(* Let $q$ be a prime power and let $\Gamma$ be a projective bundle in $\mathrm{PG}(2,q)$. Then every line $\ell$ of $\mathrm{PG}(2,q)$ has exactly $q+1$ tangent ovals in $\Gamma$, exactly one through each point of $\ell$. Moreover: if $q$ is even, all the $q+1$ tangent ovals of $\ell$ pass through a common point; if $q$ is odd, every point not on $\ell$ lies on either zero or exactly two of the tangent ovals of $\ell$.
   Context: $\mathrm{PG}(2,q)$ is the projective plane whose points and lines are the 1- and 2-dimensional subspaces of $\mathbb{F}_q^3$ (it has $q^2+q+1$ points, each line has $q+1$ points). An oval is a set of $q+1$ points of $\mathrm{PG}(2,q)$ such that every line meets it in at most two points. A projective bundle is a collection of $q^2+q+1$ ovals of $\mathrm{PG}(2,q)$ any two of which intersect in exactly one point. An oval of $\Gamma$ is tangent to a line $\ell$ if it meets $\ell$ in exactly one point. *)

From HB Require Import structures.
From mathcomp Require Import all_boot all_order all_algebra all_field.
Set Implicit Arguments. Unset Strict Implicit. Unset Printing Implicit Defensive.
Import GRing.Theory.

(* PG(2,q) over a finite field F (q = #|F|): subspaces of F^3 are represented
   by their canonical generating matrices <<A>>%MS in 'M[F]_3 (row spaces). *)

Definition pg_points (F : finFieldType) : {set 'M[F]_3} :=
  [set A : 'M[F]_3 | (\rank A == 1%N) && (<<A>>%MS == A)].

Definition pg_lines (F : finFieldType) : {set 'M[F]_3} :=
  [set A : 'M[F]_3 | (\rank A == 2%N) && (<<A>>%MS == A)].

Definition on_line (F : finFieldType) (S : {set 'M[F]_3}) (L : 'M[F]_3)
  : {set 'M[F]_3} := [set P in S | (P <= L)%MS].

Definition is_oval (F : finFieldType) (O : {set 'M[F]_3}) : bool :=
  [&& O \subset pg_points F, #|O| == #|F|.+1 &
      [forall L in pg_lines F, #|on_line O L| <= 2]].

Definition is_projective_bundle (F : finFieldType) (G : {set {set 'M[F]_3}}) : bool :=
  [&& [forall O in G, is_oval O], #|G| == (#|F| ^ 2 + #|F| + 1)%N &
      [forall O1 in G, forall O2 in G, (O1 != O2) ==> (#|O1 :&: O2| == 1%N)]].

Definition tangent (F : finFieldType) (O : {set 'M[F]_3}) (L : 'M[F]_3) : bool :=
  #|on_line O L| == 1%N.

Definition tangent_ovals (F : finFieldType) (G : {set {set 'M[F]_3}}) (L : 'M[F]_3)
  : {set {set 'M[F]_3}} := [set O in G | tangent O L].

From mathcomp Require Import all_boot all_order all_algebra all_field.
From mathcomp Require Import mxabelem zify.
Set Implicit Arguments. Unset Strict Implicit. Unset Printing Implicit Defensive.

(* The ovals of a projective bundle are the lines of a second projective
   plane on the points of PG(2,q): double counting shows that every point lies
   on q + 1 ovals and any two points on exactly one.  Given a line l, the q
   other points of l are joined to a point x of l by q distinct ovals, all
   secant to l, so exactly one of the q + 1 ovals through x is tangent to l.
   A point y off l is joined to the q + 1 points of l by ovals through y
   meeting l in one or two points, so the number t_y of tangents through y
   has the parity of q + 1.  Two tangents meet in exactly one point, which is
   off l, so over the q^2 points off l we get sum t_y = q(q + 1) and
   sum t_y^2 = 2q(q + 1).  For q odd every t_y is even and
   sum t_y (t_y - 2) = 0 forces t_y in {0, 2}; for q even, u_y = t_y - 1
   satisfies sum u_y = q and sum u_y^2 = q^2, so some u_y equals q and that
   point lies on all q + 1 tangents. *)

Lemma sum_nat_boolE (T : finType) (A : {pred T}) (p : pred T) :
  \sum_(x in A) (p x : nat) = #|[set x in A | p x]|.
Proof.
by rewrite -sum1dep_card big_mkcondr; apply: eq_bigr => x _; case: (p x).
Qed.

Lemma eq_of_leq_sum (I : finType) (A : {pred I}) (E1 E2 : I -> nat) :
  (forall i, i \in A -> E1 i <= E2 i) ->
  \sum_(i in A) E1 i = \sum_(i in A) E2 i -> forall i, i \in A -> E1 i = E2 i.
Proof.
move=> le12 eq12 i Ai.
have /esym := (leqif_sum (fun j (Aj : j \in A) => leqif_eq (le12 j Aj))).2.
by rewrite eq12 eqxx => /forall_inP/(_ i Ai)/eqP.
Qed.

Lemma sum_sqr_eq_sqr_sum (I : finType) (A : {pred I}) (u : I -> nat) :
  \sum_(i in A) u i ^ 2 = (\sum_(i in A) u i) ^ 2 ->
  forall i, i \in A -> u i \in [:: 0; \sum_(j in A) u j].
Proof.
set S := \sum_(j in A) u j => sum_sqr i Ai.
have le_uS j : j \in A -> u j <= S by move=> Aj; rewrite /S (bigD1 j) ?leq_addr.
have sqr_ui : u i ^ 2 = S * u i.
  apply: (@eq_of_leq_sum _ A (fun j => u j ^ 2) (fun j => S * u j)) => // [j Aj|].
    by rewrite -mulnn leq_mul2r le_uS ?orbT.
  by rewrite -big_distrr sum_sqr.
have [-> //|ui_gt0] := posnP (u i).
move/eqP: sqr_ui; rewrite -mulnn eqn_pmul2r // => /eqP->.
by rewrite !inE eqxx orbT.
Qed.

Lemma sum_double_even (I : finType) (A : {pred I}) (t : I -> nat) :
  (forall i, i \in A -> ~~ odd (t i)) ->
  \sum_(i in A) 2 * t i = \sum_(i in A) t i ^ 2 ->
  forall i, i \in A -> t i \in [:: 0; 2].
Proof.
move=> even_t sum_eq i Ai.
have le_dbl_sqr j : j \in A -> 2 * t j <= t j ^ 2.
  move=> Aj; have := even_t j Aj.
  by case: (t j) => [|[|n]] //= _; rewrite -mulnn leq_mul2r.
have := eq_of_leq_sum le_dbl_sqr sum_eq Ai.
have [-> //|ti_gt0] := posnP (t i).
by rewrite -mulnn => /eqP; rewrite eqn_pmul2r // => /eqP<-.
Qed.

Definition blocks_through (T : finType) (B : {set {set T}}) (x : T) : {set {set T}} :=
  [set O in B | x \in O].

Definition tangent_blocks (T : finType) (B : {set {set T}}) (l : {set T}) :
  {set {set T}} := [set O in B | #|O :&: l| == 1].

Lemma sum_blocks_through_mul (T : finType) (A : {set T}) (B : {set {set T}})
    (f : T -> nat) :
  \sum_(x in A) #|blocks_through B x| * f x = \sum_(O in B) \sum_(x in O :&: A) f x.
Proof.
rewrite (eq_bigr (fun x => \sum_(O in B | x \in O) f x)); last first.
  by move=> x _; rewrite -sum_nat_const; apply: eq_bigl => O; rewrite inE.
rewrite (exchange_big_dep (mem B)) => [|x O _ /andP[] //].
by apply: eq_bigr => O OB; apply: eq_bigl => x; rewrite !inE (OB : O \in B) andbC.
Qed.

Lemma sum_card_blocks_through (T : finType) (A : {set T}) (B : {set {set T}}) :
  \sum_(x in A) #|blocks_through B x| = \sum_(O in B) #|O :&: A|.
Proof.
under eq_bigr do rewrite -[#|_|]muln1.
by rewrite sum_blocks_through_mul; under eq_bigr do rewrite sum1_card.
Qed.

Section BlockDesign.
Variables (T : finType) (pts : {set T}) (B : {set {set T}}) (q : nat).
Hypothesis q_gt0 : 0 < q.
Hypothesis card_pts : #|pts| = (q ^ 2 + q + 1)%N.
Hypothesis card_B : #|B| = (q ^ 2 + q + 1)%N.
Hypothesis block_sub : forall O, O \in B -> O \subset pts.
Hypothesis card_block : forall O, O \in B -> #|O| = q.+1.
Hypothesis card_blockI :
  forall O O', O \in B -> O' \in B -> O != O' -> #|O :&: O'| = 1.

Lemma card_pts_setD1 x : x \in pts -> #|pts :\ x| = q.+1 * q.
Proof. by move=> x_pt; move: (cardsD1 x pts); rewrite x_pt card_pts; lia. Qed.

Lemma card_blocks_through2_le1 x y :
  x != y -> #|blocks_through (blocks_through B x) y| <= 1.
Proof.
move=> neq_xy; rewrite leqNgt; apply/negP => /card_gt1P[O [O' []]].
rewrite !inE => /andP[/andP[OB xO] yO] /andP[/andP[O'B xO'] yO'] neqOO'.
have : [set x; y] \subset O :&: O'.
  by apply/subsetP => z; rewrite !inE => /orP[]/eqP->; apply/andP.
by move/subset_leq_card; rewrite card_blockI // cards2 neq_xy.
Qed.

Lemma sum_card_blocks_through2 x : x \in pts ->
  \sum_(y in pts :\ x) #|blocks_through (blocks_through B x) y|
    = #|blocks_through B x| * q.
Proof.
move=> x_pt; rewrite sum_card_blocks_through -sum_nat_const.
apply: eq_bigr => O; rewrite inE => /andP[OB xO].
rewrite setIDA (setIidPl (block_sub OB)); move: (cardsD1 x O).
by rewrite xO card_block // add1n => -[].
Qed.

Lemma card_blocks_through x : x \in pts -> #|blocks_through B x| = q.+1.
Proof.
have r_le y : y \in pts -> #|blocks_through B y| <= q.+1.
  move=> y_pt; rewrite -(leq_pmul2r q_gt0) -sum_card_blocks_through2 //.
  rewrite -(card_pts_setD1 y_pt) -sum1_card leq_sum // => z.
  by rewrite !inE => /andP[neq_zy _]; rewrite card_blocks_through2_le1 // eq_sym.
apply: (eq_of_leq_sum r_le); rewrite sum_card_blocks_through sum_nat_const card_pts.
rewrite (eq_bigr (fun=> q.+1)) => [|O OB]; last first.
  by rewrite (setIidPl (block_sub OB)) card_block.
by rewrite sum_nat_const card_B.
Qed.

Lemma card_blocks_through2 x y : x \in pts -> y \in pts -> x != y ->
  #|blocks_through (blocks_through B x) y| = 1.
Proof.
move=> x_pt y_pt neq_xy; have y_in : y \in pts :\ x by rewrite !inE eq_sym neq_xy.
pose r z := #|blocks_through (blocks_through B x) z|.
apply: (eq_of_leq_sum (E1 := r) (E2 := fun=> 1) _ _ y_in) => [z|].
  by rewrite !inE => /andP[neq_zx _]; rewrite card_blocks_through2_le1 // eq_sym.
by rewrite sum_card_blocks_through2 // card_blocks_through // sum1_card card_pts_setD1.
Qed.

┄┄┄┄┄┄┄┄┄┄

**PROBLEM DETAILS**
An exact repeat of the lines from the one containing "move=> y_pt; rewrite" through the final line of the entries is the whole answer.

**ANSWER TO THE PROBLEM**
  move=> y_pt; rewrite -(leq_pmul2r q_gt0) -sum_card_blocks_through2 //.
  rewrite -(card_pts_setD1 y_pt) -sum1_card leq_sum // => z.
  by rewrite !inE => /andP[neq_zy _]; rewrite card_blocks_through2_le1 // eq_sym.
apply: (eq_of_leq_sum r_le); rewrite sum_card_blocks_through sum_nat_const card_pts.
rewrite (eq_bigr (fun=> q.+1)) => [|O OB]; last first.
  by rewrite (setIidPl (block_sub OB)) card_block.
by rewrite sum_nat_const card_B.
Qed.

Lemma card_blocks_through2 x y : x \in pts -> y \in pts -> x != y ->
  #|blocks_through (blocks_through B x) y| = 1.
Proof.
move=> x_pt y_pt neq_xy; have y_in : y \in pts :\ x by rewrite !inE eq_sym neq_xy.
pose r z := #|blocks_through (blocks_through B x) z|.
apply: (eq_of_leq_sum (E1 := r) (E2 := fun=> 1) _ _ y_in) => [z|].
  by rewrite !inE => /andP[neq_zx _]; rewrite card_blocks_through2_le1 // eq_sym.
by rewrite sum_card_blocks_through2 // card_blocks_through // sum1_card card_pts_setD1.
Qed.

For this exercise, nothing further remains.